For Nicholas Mendes (pictured centre), head of growth at London broker John Charcol, the slower pace of price growth further strengthens the likelihood that the Bank will consider cutting interest rates in May. “Whether that move is 0.25 or even 0.5 percentage points remains to be seen, though the latter still seems unlikely,” Mendes reasoned. “However, any relief may prove short lived. The Bank expects inflation to rise again in April, potentially reaching 3.6%, driven by higher energy costs and seasonal pricing shifts. International factors are also adding complexity.

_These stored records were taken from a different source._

Lemma rot12E c s (y : vec R) :
  rotv o1 o2 c s y 0 o0 = y 0 o0 /\
  rotv o1 o2 c s y 0 o1 = c * y 0 o1 - s * y 0 o2 /\
  rotv o1 o2 c s y 0 o2 = s * y 0 o1 + c * y 0 o2.
Proof.
rewrite /rotv /projv /qturnv !mxE !eqxx ?ord3_neqE /=.
move: (y 0 o0) (y 0 o1) (y 0 o2) => y0 y1 y2.
by split; [|split]; ring.
Qed.

Lemma rotv_lin a b c s (k : R) (u v : vec R) :
  rotv a b c s (k *: u + v) = k *: rotv a b c s u + rotv a b c s v.
Proof. by apply/rowP => j; rewrite /rotv /projv /qturnv !mxE; ring. Qed.

Lemma rotvZ a b c s k (u : vec R) : rotv a b c s (k *: u) = k *: rotv a b c s u.
Proof. by apply/rowP => j; rewrite /rotv /projv /qturnv !mxE; ring. Qed.

Lemma rotv0 a b c s : rotv a b c s (0 : vec R) = 0.
Proof. by apply/rowP => j; rewrite /rotv /projv /qturnv !mxE; ring. Qed.

Lemma rotv_id a b (y : vec R) : rotv a b 1 0 y = y.
Proof. by rewrite /rotv scale1r scale0r addr0 subrK. Qed.

Lemma rotPS_id a b (z : PS R) : rotPS a b 1 0 z = z.
Proof. by rewrite /rotPS !rotv_id -PS_eta. Qed.

Lemma rotPS_curve a b c s (w : PS R) :
  rotPS a b c s w = (w - projPS a b w) + c *: projPS a b w + s *: rot_gen a b w.
Proof. by case: w => [[x p] sv]. Qed.

Lemma qturnv_rot a b c s (y : vec R) : plane a b ->
  qturnv a b (rotv a b c s y) = (- s) *: projv a b y + c *: qturnv a b y.
Proof.
case/orP => /andP[/eqP-> /eqP->];
  [have [E0 [E1 E2]] := rot01E c s y | have [E0 [E1 E2]] := rot12E c s y];
apply/vec3P; rewrite /qturnv /projv !mxE ?E0 ?E1 ?E2 !eqxx ?ord3_neqE /=;
move: (y 0 o0) (y 0 o1) (y 0 o2) => y0 y1 y2; ring.
Qed.

Lemma rot_gen_rot a b c s (w : PS R) : plane a b ->
  rot_gen a b (rotPS a b c s w) = (- s) *: projPS a b w + c *: rot_gen a b w.
Proof. by move=> pl; rewrite /rot_gen /rotPS /projPS /xof /pof /sof /= !qturnv_rot. Qed.

Lemma unit_circle_mul (c s x : R) : c ^+ 2 + s ^+ 2 = 1 -> (c ^+ 2 + s ^+ 2) * x = x.
Proof. by move=> ->; rewrite mul1r. Qed.

Lemma unit_circle_eq (c s K L M : R) : c ^+ 2 + s ^+ 2 = 1 ->
  L - M = (c ^+ 2 + s ^+ 2 - 1) * K -> L = M.
Proof. by move=> -> /eqP; rewrite subrr mul0r subr_eq0 => /eqP. Qed.

Lemma rotv_inv a b c s (y : vec R) : plane a b -> c ^+ 2 + s ^+ 2 = 1 ->
  rotv a b c (- s) (rotv a b c s y) = y.
Proof.
move=> + cs; case/orP => /andP[/eqP-> /eqP->].
- have [E0 [E1 E2]] := rot01E c s y.
  have [F0 [F1 F2]] := rot01E c (- s) (rotv o0 o1 c s y).
  apply/vec3P; rewrite ?F0 ?F1 ?F2 ?E0 ?E1 ?E2;
  move: (y 0 o0) (y 0 o1) (y 0 o2) => y0 y1 y2;
  [apply: (eq_trans _ (unit_circle_mul y0 cs))
  | apply: (eq_trans _ (unit_circle_mul y1 cs)) | by []]; ring.
- have [E0 [E1 E2]] := rot12E c s y.
  have [F0 [F1 F2]] := rot12E c (- s) (rotv o1 o2 c s y).
  apply/vec3P; rewrite ?F0 ?F1 ?F2 ?E0 ?E1 ?E2;
  move: (y 0 o0) (y 0 o1) (y 0 o2) => y0 y1 y2;
  [by [] | apply: (eq_trans _ (unit_circle_mul y1 cs))
  | apply: (eq_trans _ (unit_circle_mul y2 cs))]; ring.
Qed.

Lemma rotv_inj a b c s (u v : vec R) : plane a b -> c ^+ 2 + s ^+ 2 = 1 ->
  rotv a b c s u = rotv a b c s v -> u = v.
Proof. by move=> pl cs E; rewrite -(rotv_inv u pl cs) E rotv_inv. Qed.

Lemma dot_rot a b c s (u v : vec R) : plane a b -> c ^+ 2 + s ^+ 2 = 1 ->
  dot (rotv a b c s u) (rotv a b c s v) = dot u v.
Proof.
move=> + cs; rewrite !dotE; case/orP => /andP[/eqP-> /eqP->].
- have [E0 [E1 E2]] := rot01E c s u; have [F0 [F1 F2]] := rot01E c s v.
  rewrite E0 E1 E2 F0 F1 F2.
  move: (u 0 o0) (u 0 o1) (u 0 o2) (v 0 o0) (v 0 o1) (v 0 o2) => a0 a1 a2 b0 b1 b2.
  by apply: (@unit_circle_eq c s (a0 * b0 + a1 * b1) _ _ cs); ring.
- have [E0 [E1 E2]] := rot12E c s u; have [F0 [F1 F2]] := rot12E c s v.
  rewrite E0 E1 E2 F0 F1 F2.
  move: (u 0 o0) (u 0 o1) (u 0 o2) (v 0 o0) (v 0 o1) (v 0 o2) => a0 a1 a2 b0 b1 b2.
  by apply: (@unit_circle_eq c s (a1 * b1 + a2 * b2) _ _ cs); ring.
Qed.

Lemma cross_rot a b c s (u v : vec R) : plane a b -> c ^+ 2 + s ^+ 2 = 1 ->
  cross (rotv a b c s u) (rotv a b c s v) = rotv a b c s (cross u v).
Proof.
move=> + cs.
have [C0 [C1 C2]] := crossE (rotv a b c s u) (rotv a b c s v).
have [D0 [D1 D2]] := crossE u v.
case/orP => /andP[/eqP ea /eqP eb]; subst a b.
- have [E0 [E1 E2]] := rot01E c s u; have [F0 [F1 F2]] := rot01E c s v.
  have [G0 [G1 G2]] := rot01E c s (cross u v).
  apply/vec3P; rewrite ?C0 ?C1 ?C2 ?G0 ?G1 ?G2 ?D0 ?D1 ?D2 ?E0 ?E1 ?E2 ?F0 ?F1 ?F2;
  move: (u 0 o0) (u 0 o1) (u 0 o2) (v 0 o0) (v 0 o1) (v 0 o2) => a0 a1 a2 b0 b1 b2;
  [ring | ring | apply: (eq_trans _ (unit_circle_mul (a0 * b1 - a1 * b0) cs)); ring].
- have [E0 [E1 E2]] := rot12E c s u; have [F0 [F1 F2]] := rot12E c s v.
  have [G0 [G1 G2]] := rot12E c s (cross u v).
  apply/vec3P; rewrite ?C0 ?C1 ?C2 ?G0 ?G1 ?G2 ?D0 ?D1 ?D2 ?E0 ?E1 ?E2 ?F0 ?F1 ?F2;
  move: (u 0 o0) (u 0 o1) (u 0 o2) (v 0 o0) (v 0 o1) (v 0 o2) => a0 a1 a2 b0 b1 b2;
  [apply: (eq_trans _ (unit_circle_mul (a1 * b2 - a2 * b1) cs)); ring | ring | ring].
Qed.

While tariffs typically push prices up, they can also dampen global demand, which might help to contain inflation in the UK over the medium term. Ultimately, the Bank’s next move will depend on whether this latest dip in inflation is seen as the beginning of a longer-term trend or merely a temporary pause.”

For mortgage borrowers, the latest inflation figure is certainly a positive development, Mendes notes, but it is too early to say whether the tide has turned. “At the start of the year, markets had anticipated two Bank of England rate cuts in 2025,” he said. “That view was based on encouraging inflation trends and signs that the economy was beginning to cool. With energy prices stabilising and wage growth easing, there was a general sense that the Bank could begin to ease policy gradually without reigniting inflationary pressures. That outlook has since become more complicated. The recent escalation in US trade tensions has unsettled markets and introduced fresh risks. As a result, expectations have shifted. Markets are now pricing in up to four cuts this year, which would bring the base rate down to around 3.5%.” He added: “Questions around job security and the wider economic outlook are tempering borrower confidence. Sentiment is improving, but it is far from settled. For now, the environment is improving but stability is still a work in progress.”

Read more: Can the mortgage industry rise again?

How difficult a task awaits the Bank of England’s Monetary Policy Committee?

Bob Singh (pictured right), specialist mortgage adviser at Chess Mortgages, believes the fall in inflation gives rise to the prospect of a base rate cut in May, but observes that the Bank faces a challenging balancing act in its decision. “We have seen many lenders cutting rates over the last fortnight, and today’s news is likely to spur other lender to follow suit,” Singh predicted. “Once the higher cost of living is factored in for April, inflation is however expected to rise again which may slow down further cuts expected later in Q3 and Q4. It will be a difficult time for the Monetary Policy Committee in trying to balance rates and inflation.”

According to John Phillips, CEO of Just Mortgages and Spicerhaart estate agents, the fall in inflation is ‘a bit of a hollow victory’, given that the new financial year brings new tax changes and price hikes which will, he suggests, undoubtedly add fuel to the inflationary fire, “What is good news is that a positive reading on inflation is likely to help influence the MPC’s decision next month on interest rates, as will the need to stimulate growth amid the threat of economic uncertainty,” Phillips said. “What we do know is consumers are the winners of increasing competition among lenders.”

Meanwhile, Mark Harris, chief executive of mortgage broker SPF Private Clients, considers that the fall in inflation will make it easier for the Bank of England to cut rates again sooner rather than later. "Another rate reduction would help boost affordability, and would be particularly timely now that the Stamp Duty concession has ended,” Harris said.

Finally, Ben Thompson, deputy CEO of Mortgage Advice Bureau, envisages that the latest inflation update reading might be the last good one for a few months. “Trying to work out where that all may or may not go is like fumbling through a thick fog blindfolded,” Thompson said. “So let’s enjoy it while we can.”